The prochoice poem I read last night

Preamble

Tonight I wear red in support of my feminist sisters,
the Radical Handmaids, who gathered today on Parliament Hill
in opposition to Motion 312 which re-opens the abortion debate
tomorrow afternoon in the House of Commons.
And I share this poem.

 

Birthing change

1

Once upon a time his blue eyes dazzled her
maiden dreams           led her down dirt
roads, onto prairie trails, into abandoned
houses, churches, barns, unwittingly
preparing her for an entry that quivered her world,
sent her solo, pink-slipped, and with a growing belly
to face family, to seek and not find
solace in a religion she turned upside-down and inside-out.

2

His greenbacks, her choice:
law-breaker.  One little lie dupes doctors, the system.

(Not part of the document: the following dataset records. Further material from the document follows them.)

Lemma tri_map_rhoE_morphP zeta lam theta :
  (forall x, zeta (rho x) = rho (zeta x)) ->
  is_zhom theta -> (forall a, theta (eta a) = eta (theta a)) ->
  (forall p, tri_map zeta lam theta (rhoE eta rho p) =
             rhoE eta rho (tri_map zeta lam theta p))
  <-> (forall x, eta (lam x) = lam (rho x)).
Proof.
move=> zeta_rho theta_add theta_eta; split=> [morph x | lam_rho [x a]].
  have := congr1 snd (morph (x, 0)).
  by rewrite /= (is_zhom0 eta_add) (is_zhom0 theta_add) !addr0 => <-.
by rewrite /tri_map /rhoE /=; congr pair; rewrite // eta_add theta_eta lam_rho.
Qed.

Lemma in_AutE_tri_mapP zeta lam theta :
  in_AutX op rho zeta -> in_AutA phi psi eta theta ->
  in_AutE phi psi eta op rho alpha (tri_map zeta lam theta) <->
  is_twisted_Z1 zeta theta lam.
Proof.
move=> [zeta_bij [zeta_op zeta_rho]].
move=> [theta_add [theta_bij [theta_phi [theta_psi theta_eta]]]].
have opP := tri_map_opE_morphP lam zeta_op theta_add theta_phi theta_psi.
have rhoP := tri_map_rhoE_morphP lam zeta_rho theta_add theta_eta.
split=> [[_ [/opP lift /rhoP lam_rho]] // | [/opP morph /rhoP rho_morph]].
by split=> //; apply: tri_map_bij.
Qed.

Lemma twisted_Z1_B2P zeta zinv theta :
  (forall x y, zeta (op x y) = op (zeta x) (zeta y)) ->
  (forall x, zeta (rho x) = rho (zeta x)) ->
  cancel zeta zinv -> cancel zinv zeta ->
  (exists lam, is_twisted_Z1 zeta theta lam) <->
  in_B2 phi psi eta op rho (fun x y => alpha x y - act2 zinv theta alpha x y).
Proof.
move=> zeta_op zeta_rho zetaK zinvK.
have zinv_op x y : zinv (op x y) = op (zinv x) (zinv y).
  by apply: (can_inj zetaK); rewrite zeta_op !zinvK.
have zinv_rho x : zinv (rho x) = rho (zinv x).
  by apply: (can_inj zetaK); rewrite zeta_rho !zinvK.
rewrite /in_B2 /act2; split=> [[lam [lift lam_rho]] | [mu [mu_rho cobound]]].
  exists (fun x => - lam (zinv x)); split=> [x | x y].
    by rewrite (is_zhomN eta_add) lam_rho zinv_rho.
  rewrite (is_zhomN phi_add) (is_zhomN psi_add) zinv_op opprK.
  have /(canRL (addrK _)) -> := lift (zinv x) (zinv y).
  by rewrite !zinvK 2!addrA addKr (addrAC (psi _ + _)) [psi _ + _]addrC addrK.
exists (fun x => - mu (zeta x)); split=> [x y | x].
  rewrite zeta_op (is_zhomN phi_add) (is_zhomN psi_add).
  have /(canRL (subrK _)) -> := cobound (zeta x) (zeta y).
  by rewrite !zetaK addrACA [- phi _ + _]addrA addKr addrA addrK.
by rewrite (is_zhomN eta_add) mu_rho zeta_rho.
Qed.

Lemma AutA_E_Gamma_relP xi zeta theta :
  in_AutA_E phi psi eta op rho alpha xi /\
    Gamma_rel phi psi eta op rho xi zeta theta <->
  [/\ in_AutX op rho zeta, in_AutA phi psi eta theta &
      exists2 lam, is_twisted_Z1 zeta theta lam & xi = tri_map zeta lam theta].
Proof.
split=> [[[xiE _] /Gamma_relP [zetaX thetaA [lam xi_tri]]] |
         [zetaX thetaA [lam lift xi_tri]]].
  split=> //; exists lam => //.
  by apply/(in_AutE_tri_mapP lam zetaX thetaA); rewrite -xi_tri.
have xiG : Gamma_rel phi psi eta op rho xi zeta theta.
  by apply/Gamma_relP; split=> //; exists lam.
split=> //; split; last by exists zeta, theta.
by rewrite xi_tri; apply/in_AutE_tri_mapP.
Qed.

End TwistedCocycles.

Theorem theorem6p7
  (X : Type) (op : X -> X -> X) (rho : X -> X)
  (A : zmodType) (phi psi eta : A -> A) (alpha : X -> X -> A)
  (HX : is_symmetric_rack op rho)
  (HF : is_cc_module phi psi eta)
  (Halpha : in_Z2 phi psi eta op rho alpha) :
  (* iota is a well-defined map Z^1 -> Aut_A(E) *)
  (forall lam, in_Z1 phi psi eta op rho lam ->
     in_AutA_E phi psi eta op rho alpha (iota_map lam)) /\
  (* iota is a group homomorphism *)
  (forall lam1 lam2, in_Z1 phi psi eta op rho lam1 ->
     in_Z1 phi psi eta op rho lam2 ->
     iota_map (fun x => lam1 x + lam2 x) = iota_map lam1 \o iota_map lam2) /\
  (* iota is injective *)
  (forall lam1 lam2, in_Z1 phi psi eta op rho lam1 ->
     in_Z1 phi psi eta op rho lam2 ->
     iota_map lam1 = iota_map lam2 -> lam1 = lam2) /\
  (* Im(iota) = Ker(Gamma) *)
  (forall xi, in_AutA_E phi psi eta op rho alpha xi ->
     (Gamma_rel phi psi eta op rho xi id id <->
      exists lam, in_Z1 phi psi eta op rho lam /\ xi = iota_map lam)) /\
  (* Gamma is a group homomorphism *)
  (forall xi1 xi2 zeta1 zeta2 theta1 theta2,
     in_AutA_E phi psi eta op rho alpha xi1 ->
     in_AutA_E phi psi eta op rho alpha xi2 ->
     Gamma_rel phi psi eta op rho xi1 zeta1 theta1 ->
     Gamma_rel phi psi eta op rho xi2 zeta2 theta2 ->
     Gamma_rel phi psi eta op rho (xi1 \o xi2) (zeta1 \o zeta2)
       (theta1 \o theta2)) /\
  (* Im(Gamma) = Lambda_[alpha]^{-1}(0) *)
  (forall zeta theta, in_AutX op rho zeta -> in_AutA phi psi eta theta ->
     ((exists xi, in_AutA_E phi psi eta op rho alpha xi /\
                  Gamma_rel phi psi eta op rho xi zeta theta) <->
      Lambda_zero phi psi eta op rho alpha zeta theta)).
Proof.
have [phi_add [_ [psi_add [eta_add _]]]] := HF.
have fiberP := AutA_E_Gamma_relP op rho alpha phi_add psi_add eta_add.
have Z1P := in_Z1_twisted_id op rho phi psi eta alpha.
have idX := in_AutX_id op rho; have idA := in_AutA_id phi psi eta.
split=> [lam /Z1P lift | ].
  by apply: (proj1 ((fiberP _ id id).2 _)); split=> //; exists lam.
split=> [lam1 lam2 _ _ | ]; first by rewrite !iota_map_tri tri_map_comp.
split=> [lam1 lam2 _ _ | ]; first by rewrite !iota_map_tri => /tri_map_lam_inj.
split=> [xi xiE | ].
  split=> [xiG | [lam [/Z1P lift ->]]].
    by have [_ _ [lam /Z1P]] := (fiberP xi id id).1 (conj xiE xiG); exists lam.
  by apply: (proj2 ((fiberP _ id id).2 _)); split=> //; exists lam.
split=> [xi1 xi2 zeta1 zeta2 theta1 theta2 _ _ | zeta theta zetaX thetaA].
  move=> /Gamma_relP [zeta1X theta1A [lam1 ->]].
  move=> /Gamma_relP [zeta2X theta2A [lam2 ->]].
  apply/Gamma_relP; split; [exact: in_AutX_comp | exact: in_AutA_comp |].
  by eexists; apply: tri_map_comp; case: theta1A.
have [[zinv zetaK zinvK] [zeta_op zeta_rho]] := zetaX.
have B2P := twisted_Z1_B2P alpha phi_add psi_add eta_add theta zeta_op zeta_rho.
split=> [[xi /fiberP [_ _ [lam lift _]]] | [zinv' [zetaK' [zinvK' cobound]]]].
  by exists zinv; split=> //; split=> //; apply/(B2P _ zetaK zinvK); exists lam.
have [lam lift] := (B2P _ zetaK' zinvK').2 cobound.
by exists (tri_map zeta lam theta); apply/fiberP; split=> //; exists lam.
Qed.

How can she live knowing sin in so many ways, knowing nothing
will ever be the same?

3

She clings to the shiver of ecstasy
builds another world      in her mind other
possibilities, dreams.  How she clings, still.

4

He drove her to the streets.

5

She found circles of women singing
bread and roses, chanting in the streets
The personal is political!

Community, like a blanket, receiving,
bearing witness, holding,
keeping faith.

c. Bernadette L. Wagner

Just a Prochoice Poet Doing Her Thing

And more, perhaps.

As some of you may already know, the regina mom has taken to occasionally performing at the local slam poetry event in Regina, Word Up Wednesday.  This Wednesday, April 25, she will be there with new and old poems to share and be judged on.  She would love to see friends in the audience!

As well, watch this space — and others in the Canadian Progressive Voices blogosphere and beyond — for a blogburst on Motion 312, the motion put forward by a religious zealot in the House of Commons.  If passed M312 will re-open the abortion debate in Canada.

You can read more about the blogburst over at my friends’ place.

Starting today, all bloggers who support a woman’s right to choose can and should blog fiercely about this CONservative, regressive attack on women’s right to choose.

Rest assured, there will be many posts to read, covering many different angles on the issue — angles I hadn’t thought of before becoming active in the Abortion Rights Coalition of Canada / Coalition pour le droit à l’avortement Canada and reading the multitude of materials available there.

If you haven’t already done so, please download, print and sign the petition in opposition to M312.  As signatures roll in the petition will be presented to the House of Commons by various prochoice Members of Parliament over the next while.  the regina mom managed to gather almost 20 signatures last night just by pulling it out of her purse!  Someone else did all the work getting her friends to sign.  Thanks for that, Karen!

And now I’m off to my sunshiny garden to contemplate what will be planted where this year.